— Exercise details —
Copy the lines of the entries exactly, from the opening one to the one holding "have [Y0|nY0] := pselect (Y (h 0%N)).", and leave out everything after.

— Source material —
------

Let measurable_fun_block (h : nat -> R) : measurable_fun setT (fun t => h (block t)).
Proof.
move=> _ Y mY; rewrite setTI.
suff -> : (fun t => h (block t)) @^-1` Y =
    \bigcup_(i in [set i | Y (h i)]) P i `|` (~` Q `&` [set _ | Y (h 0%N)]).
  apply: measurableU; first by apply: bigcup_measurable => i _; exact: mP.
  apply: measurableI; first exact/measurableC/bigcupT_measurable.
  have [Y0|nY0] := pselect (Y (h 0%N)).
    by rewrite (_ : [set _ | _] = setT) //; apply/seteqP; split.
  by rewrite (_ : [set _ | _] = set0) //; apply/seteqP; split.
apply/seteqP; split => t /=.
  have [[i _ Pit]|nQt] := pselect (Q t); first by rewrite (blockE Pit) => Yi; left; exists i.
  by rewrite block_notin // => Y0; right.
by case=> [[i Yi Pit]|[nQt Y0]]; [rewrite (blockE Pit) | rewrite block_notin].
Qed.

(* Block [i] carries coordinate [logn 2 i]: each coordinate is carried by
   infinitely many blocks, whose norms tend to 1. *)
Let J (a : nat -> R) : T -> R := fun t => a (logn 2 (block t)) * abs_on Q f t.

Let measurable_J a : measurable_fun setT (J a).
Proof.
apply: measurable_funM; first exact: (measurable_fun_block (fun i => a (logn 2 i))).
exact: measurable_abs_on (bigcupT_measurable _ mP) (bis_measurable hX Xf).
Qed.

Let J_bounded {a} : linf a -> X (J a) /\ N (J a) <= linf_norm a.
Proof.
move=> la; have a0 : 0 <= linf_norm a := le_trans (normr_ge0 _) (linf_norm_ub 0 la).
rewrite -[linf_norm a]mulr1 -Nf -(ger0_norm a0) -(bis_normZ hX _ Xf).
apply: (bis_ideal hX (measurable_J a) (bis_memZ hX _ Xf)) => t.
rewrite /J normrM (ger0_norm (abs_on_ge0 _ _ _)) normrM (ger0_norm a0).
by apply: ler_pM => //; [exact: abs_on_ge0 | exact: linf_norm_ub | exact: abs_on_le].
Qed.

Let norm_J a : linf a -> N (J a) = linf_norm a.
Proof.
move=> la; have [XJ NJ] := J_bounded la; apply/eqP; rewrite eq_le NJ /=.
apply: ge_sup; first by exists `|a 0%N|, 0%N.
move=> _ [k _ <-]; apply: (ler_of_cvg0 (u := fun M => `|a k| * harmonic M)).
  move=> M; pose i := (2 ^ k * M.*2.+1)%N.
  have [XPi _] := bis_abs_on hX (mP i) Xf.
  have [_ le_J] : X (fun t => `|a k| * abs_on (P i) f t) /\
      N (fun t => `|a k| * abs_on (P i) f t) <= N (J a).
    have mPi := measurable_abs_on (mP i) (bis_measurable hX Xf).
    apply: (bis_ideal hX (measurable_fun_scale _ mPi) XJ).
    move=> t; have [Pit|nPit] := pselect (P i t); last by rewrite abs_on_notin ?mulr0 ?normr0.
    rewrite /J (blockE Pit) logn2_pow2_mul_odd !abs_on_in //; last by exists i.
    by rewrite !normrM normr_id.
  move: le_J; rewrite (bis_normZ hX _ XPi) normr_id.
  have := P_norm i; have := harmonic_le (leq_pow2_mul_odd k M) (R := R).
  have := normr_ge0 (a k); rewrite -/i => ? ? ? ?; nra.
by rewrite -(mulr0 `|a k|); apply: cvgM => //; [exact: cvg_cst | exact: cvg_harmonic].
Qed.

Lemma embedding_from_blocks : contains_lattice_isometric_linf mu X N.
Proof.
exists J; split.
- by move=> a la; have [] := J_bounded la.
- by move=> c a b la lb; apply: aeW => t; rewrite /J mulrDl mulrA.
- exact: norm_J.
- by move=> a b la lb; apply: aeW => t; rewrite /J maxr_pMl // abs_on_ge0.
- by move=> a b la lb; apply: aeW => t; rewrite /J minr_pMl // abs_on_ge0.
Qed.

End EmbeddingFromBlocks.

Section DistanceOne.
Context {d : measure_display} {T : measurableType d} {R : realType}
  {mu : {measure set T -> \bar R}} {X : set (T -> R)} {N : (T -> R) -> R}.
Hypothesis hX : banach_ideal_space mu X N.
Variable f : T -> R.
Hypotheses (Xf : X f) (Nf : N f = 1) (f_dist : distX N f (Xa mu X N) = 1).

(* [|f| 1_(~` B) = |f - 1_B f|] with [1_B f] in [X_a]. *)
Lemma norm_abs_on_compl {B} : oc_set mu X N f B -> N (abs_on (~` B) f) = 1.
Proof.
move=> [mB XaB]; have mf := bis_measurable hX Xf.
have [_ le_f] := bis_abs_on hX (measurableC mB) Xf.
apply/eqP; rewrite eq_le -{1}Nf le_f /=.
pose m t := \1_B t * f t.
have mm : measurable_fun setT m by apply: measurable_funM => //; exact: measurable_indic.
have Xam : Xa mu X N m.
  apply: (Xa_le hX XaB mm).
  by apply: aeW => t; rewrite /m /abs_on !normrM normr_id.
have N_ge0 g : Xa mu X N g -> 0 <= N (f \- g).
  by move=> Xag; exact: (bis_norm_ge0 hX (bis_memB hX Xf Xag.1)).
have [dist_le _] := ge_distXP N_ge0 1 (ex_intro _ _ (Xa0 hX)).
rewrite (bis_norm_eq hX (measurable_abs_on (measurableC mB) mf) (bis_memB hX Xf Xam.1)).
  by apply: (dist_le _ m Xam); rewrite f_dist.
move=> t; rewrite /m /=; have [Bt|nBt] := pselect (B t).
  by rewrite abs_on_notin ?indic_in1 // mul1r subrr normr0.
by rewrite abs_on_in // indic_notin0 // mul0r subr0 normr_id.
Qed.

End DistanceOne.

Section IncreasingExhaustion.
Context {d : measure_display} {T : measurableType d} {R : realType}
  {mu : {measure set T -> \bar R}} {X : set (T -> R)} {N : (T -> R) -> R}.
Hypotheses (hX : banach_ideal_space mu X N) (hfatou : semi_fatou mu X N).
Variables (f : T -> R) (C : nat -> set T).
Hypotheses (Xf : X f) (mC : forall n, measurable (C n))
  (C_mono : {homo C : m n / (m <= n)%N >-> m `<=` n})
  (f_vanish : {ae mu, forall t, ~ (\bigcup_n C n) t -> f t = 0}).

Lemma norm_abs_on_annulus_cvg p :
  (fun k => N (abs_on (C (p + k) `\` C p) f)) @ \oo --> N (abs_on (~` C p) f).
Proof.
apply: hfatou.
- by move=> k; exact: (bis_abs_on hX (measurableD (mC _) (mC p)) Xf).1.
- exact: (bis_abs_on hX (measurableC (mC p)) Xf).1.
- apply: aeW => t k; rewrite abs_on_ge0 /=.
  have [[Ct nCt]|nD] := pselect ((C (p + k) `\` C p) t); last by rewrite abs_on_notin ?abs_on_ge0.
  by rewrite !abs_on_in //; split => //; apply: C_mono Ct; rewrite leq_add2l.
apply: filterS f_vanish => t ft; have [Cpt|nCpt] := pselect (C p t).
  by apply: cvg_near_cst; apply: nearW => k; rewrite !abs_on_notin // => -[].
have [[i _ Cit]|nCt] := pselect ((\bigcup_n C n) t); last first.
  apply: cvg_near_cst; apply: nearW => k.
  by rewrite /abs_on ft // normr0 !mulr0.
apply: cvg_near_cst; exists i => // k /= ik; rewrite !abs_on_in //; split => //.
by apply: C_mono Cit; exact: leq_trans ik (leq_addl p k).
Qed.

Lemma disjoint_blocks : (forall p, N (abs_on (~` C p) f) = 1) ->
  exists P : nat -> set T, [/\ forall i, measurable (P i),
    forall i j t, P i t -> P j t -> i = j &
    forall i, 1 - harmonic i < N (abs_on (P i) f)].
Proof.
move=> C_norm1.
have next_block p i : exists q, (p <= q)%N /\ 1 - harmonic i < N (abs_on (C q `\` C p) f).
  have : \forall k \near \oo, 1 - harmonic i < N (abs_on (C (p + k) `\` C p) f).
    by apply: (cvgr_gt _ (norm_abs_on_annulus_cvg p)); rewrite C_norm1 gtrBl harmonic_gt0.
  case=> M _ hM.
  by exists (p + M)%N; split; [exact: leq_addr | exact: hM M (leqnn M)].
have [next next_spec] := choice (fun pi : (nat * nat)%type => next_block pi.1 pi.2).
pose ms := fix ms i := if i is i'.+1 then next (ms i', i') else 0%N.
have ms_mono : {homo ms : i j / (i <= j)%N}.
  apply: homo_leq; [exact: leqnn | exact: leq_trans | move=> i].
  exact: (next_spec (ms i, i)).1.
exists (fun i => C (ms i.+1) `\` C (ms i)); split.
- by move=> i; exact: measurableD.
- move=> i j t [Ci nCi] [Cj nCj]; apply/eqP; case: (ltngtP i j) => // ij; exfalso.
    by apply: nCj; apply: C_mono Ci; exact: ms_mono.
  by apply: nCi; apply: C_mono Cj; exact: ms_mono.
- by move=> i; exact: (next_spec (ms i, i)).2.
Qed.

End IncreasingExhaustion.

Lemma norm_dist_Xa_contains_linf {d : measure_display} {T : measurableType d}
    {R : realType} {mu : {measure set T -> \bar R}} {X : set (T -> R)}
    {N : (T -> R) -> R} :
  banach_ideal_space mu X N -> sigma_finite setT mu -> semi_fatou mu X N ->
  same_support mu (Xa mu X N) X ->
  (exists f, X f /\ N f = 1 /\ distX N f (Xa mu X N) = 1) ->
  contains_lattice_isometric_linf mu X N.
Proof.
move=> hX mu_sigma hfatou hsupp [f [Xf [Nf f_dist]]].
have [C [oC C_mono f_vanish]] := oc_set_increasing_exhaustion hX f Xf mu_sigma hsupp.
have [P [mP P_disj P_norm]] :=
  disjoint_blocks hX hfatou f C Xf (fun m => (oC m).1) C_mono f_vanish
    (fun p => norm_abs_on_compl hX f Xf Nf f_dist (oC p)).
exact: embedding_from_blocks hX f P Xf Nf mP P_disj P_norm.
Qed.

------

— Response below —
Let measurable_fun_block (h : nat -> R) : measurable_fun setT (fun t => h (block t)).
Proof.
move=> _ Y mY; rewrite setTI.
suff -> : (fun t => h (block t)) @^-1` Y =
    \bigcup_(i in [set i | Y (h i)]) P i `|` (~` Q `&` [set _ | Y (h 0%N)]).
  apply: measurableU; first by apply: bigcup_measurable => i _; exact: mP.
  apply: measurableI; first exact/measurableC/bigcupT_measurable.
  have [Y0|nY0] := pselect (Y (h 0%N)).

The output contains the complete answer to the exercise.